If we make ethical choices driven by fear and anxiety, then I believe we remain shackled to the complexity that will result in us making little to no difference in the overall disaster we've created. We have to be able to reason and think to find our way out of the mess and the amygdala hijack of fear and anxiety means we actually shut down our ability to think.
Not eating the steak on your plate may have much less impact than choosing to give up that smartphone. I don't know the answer to that, but I do know that those with eating disorders have to be more wily than their anxiety disorder and make sure that they are in remission and stay that way so that they can maximize their reasoned ethical impact—making the world the place in which they want to live and the place they share with all living creatures.

19 yr old d Dx Feb 2012. WR June 2012. Now she is in Phase III and enjoy her study and activities. Try to give the control back to her but still keep vigilant. 
"The darkest night is often the bridge to the brightest tomorrow."

Posts: 1,124
Reply with quote  #7 
Hi dc,
we had this discussion a few month ago. My d had to write an article for religion class about "Is it ethic to eat meat". Just the right theme for an anorexic, I though first, but than I used it to show her some points up and she really wrote an excellent article:
The discussion wether to eat meat or not is a rich first world discussion. No mother in kenia or uganda would ask herself wether she should feed this pig to her starving children or not. Not everybody in the world can choose to be vegetarian. Most of the people have to and are starving of malnutrition.

To be vegetarian is not what we are made for. Our teeth and our digestion are made for eating everything (plants and meat). Vegetarians get a lot of health problems if they don´t substitute all the missing vitamins well. It is possible to stay healthy with that, but a lot of work.

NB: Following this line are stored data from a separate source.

(* Let $A$ be a finite poset and let $k\in\mathbb N$ satisfy $2^k\ge|A|$. Define $B:=A/C_{2^k-1}$, $C:=B+C_{2^k}$, $D:=C/C_1$, and $\neg A:=D+A$ (with all constituent posets taken disjoint, in particular a fresh disjoint copy of $A$ in the last step). Then $g(\neg A)=0$ if $g(A)\ne0$, and $g(\neg A)=2^{k+1}$ if $g(A)=0$. In particular $\neg A$ is a $\forall$-game iff $A$ is an $\exists$-game.
   Context: For a finite poset $P$ and $x\in P$ let $P_x:=\{y\in P: x\not\le y\}$. The poset game on $P$: players alternately replace the current poset $Q$ by some $Q_x$; the first player unable to move loses; $P$ is an $\exists$-game if the first player wins, else a $\forall$-game. The g-number is $g(P):=\operatorname{mex}\{g(P_x):x\in P\}$ (mex = least natural number not in the set; $g(\emptyset)=0$), and $P$ is a $\forall$-game iff $g(P)=0$. $P+Q$ (parallel union) is the disjoint union with points of $P$ incomparable to points of $Q$; $P/Q$ (series union) is the disjoint union with every point of $P$ above every point of $Q$. $C_m$ is the chain with $m$ points ($C_0=\emptyset$). *)

(* A finite poset is a finType T with a relation le : rel T
   (x <= y); the poset axioms are hypotheses of the theorem. *)
From mathcomp Require Import all_boot.
Set Implicit Arguments. Unset Strict Implicit. Unset Printing Implicit Defensive.

Definition mex (s : seq nat) : nat :=
  find (fun n => n \notin s) (iota 0 (size s).+1).

(* g-number of the subposet S (with the induced order), computed with fuel;
   a move at x replaces S by S minus the up-set of x, i.e. Q_x = {y in Q | ~ x <= y}. *)
Fixpoint gfuel (T : finType) (le : rel T) (n : nat) (S : {set T}) : nat :=
  match n with
  | 0 => 0
  | n.+1 => mex [seq gfuel le n (S :\: [set y | le x y]) | x <- enum S]
  end.

(* g(P) for the poset (T, le); fuel #|T| suffices since each move removes x. *)
Definition g (T : finType) (le : rel T) : nat := gfuel le #|T| [set: T].

Definition parallel (T1 T2 : Type) (r1 : rel T1) (r2 : rel T2) : rel (T1 + T2) :=
  fun a b => match a, b with
  | inl x, inl y => r1 x y
  | inr x, inr y => r2 x y
  | _, _ => false
  end.

(* series union P / Q : every point of P (inl) above every point of Q (inr) *)
Definition series (T1 T2 : Type) (r1 : rel T1) (r2 : rel T2) : rel (T1 + T2) :=
  fun a b => match a, b with
  | inl x, inl y => r1 x y
  | inr x, inr y => r2 x y
  | inr _, inl _ => true
  | inl _, inr _ => false
  end.

Definition chain (m : nat) : rel 'I_m := fun i j => (i <= j)%N.
Arguments chain m : clear implicits.

Definition negA (T : finType) (le : rel T) (k : nat)
  : rel (((((T + ordinal (2 ^ k - 1)) + ordinal (2 ^ k)) + ordinal 1) + T)%type) :=
  parallel (series (parallel (series le (chain (2 ^ k - 1))) (chain (2 ^ k)))
                   (chain 1)) le.
Arguments negA {T} le k.

(* Sprague-Grundy arithmetic for poset games: the g-number of a parallel union
   is the nim sum (bitwise xor) of the g-numbers, putting a chain C_m below P
   adds m to g(P), and g(C_m) = m.  Hence with a := g(A), which is at most
   |A| <= 2^k,
     g(not A) = (1 + ((2^k - 1 + a) xor 2^k)) xor a.
   For a = 0 the inner xor is 2^(k+1) - 1, giving 2^(k+1); for a > 0 it is a - 1,
   giving a xor a = 0. *)

From Stdlib Require Import Arith.
From mathcomp Require Import all_boot zify.

Set Implicit Arguments. Unset Strict Implicit. Unset Printing Implicit Defensive.

Lemma expn_pow m n : m ^ n = Nat.pow m n.
Proof. by elim: n => // n IHn; rewrite expnS IHn. Qed.

Lemma lxorK a b : Nat.lxor (Nat.lxor a b) b = a.
Proof. by rewrite Nat.lxor_assoc Nat.lxor_nilpotent Nat.lxor_0_r. Qed.

Lemma lxorKl a b : Nat.lxor a (Nat.lxor a b) = b.
Proof. by rewrite -Nat.lxor_assoc Nat.lxor_nilpotent Nat.lxor_0_l. Qed.

Lemma lxorIl b : injective (Nat.lxor^~ b).
Proof. exact: (can_inj (g := Nat.lxor^~ b) (lxorK^~ b)). Qed.

Lemma lxorIr a : injective (Nat.lxor a).
Proof. exact: (can_inj (g := Nat.lxor a) (lxorKl a)). Qed.

(* Two numbers compare like their bits at the highest position where they differ. *)
Lemma ltn_lxor_log2 x y :
  x != y -> Nat.testbit y (Nat.log2 (Nat.lxor x y)) -> x < y.
Proof.
set h := Nat.log2 _ => neq_xy yh.
have xy0 : Nat.lxor x y <> 0 by move/Nat.lxor_eq/eqP; rewrite (negbTE neq_xy).
have xh : Nat.testbit x h = false.
  by move: (Nat.bit_log2 _ xy0); rewrite Nat.lxor_spec yh; case: Nat.testbit.
have high : x / Nat.pow 2 h / 2 = y / Nat.pow 2 h / 2.
  rewrite !Nat.Div0.div_div [(_ * 2)%coq_nat]Nat.mul_comm -Nat.pow_succ_r'.
  rewrite -!Nat.shiftr_div_pow2.
  apply: Nat.bits_inj => i; rewrite !Nat.shiftr_spec'.
  have := Nat.bits_above_log2 (Nat.lxor x y) (i + h.+1) ltac:(rewrite /h; lia).
  by rewrite Nat.lxor_spec; do 2 case: Nat.testbit.
have := Nat.testbit_spec' x h; have := Nat.testbit_spec' y h.
rewrite xh yh; cbn [Nat.b2n] => ey ex.
have dx := Nat.div_mod_eq (x / Nat.pow 2 h) 2.
have dy := Nat.div_mod_eq (y / Nat.pow 2 h) 2.
by rewrite ltnNge; apply/negP => /leP/(Nat.Div0.div_le_mono _ _ (Nat.pow 2 h)); lia.
Qed.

You don´t rescue animals by eating salat or soya burgers. A lot of rainforest is cut down for soya plantages. When a farmer harvests salat he disturbs a lot of micro organisms, rabbits, birds and small insects. Men and animals live on the same planet and they will disturb each other anyway.
There is only one chance: Try to find a less disturbing way. Try to buy bio-vegetable and bio-meat, if you can achieve it. Try to eat less meat and buy milk and butter from animals who had a better life.

In my opinion, to be vegetarian makes it easier for ED. It is an ED thought and nicely covered with the thought of suffering animals. If carrots would be fat and high caloric, the ED would tell your d to save the carrots.
I told my d she could think about being vegetarian when she kept her target weight for more than a year and is without any ED symptoms then.
But when I see how she likes to eat chicken I promise she will never be 100% vegetarian in her life...
We try to buy meat and eggs and that animal products from a local farmer who is bio-certified. Thats a lot more expensive so we eat meat only twice a week (and fish twice and the other days "vegetarian"). We will not save the world with that but I think the chicken is tasting a lot better when it has seen some grass and had a nice life.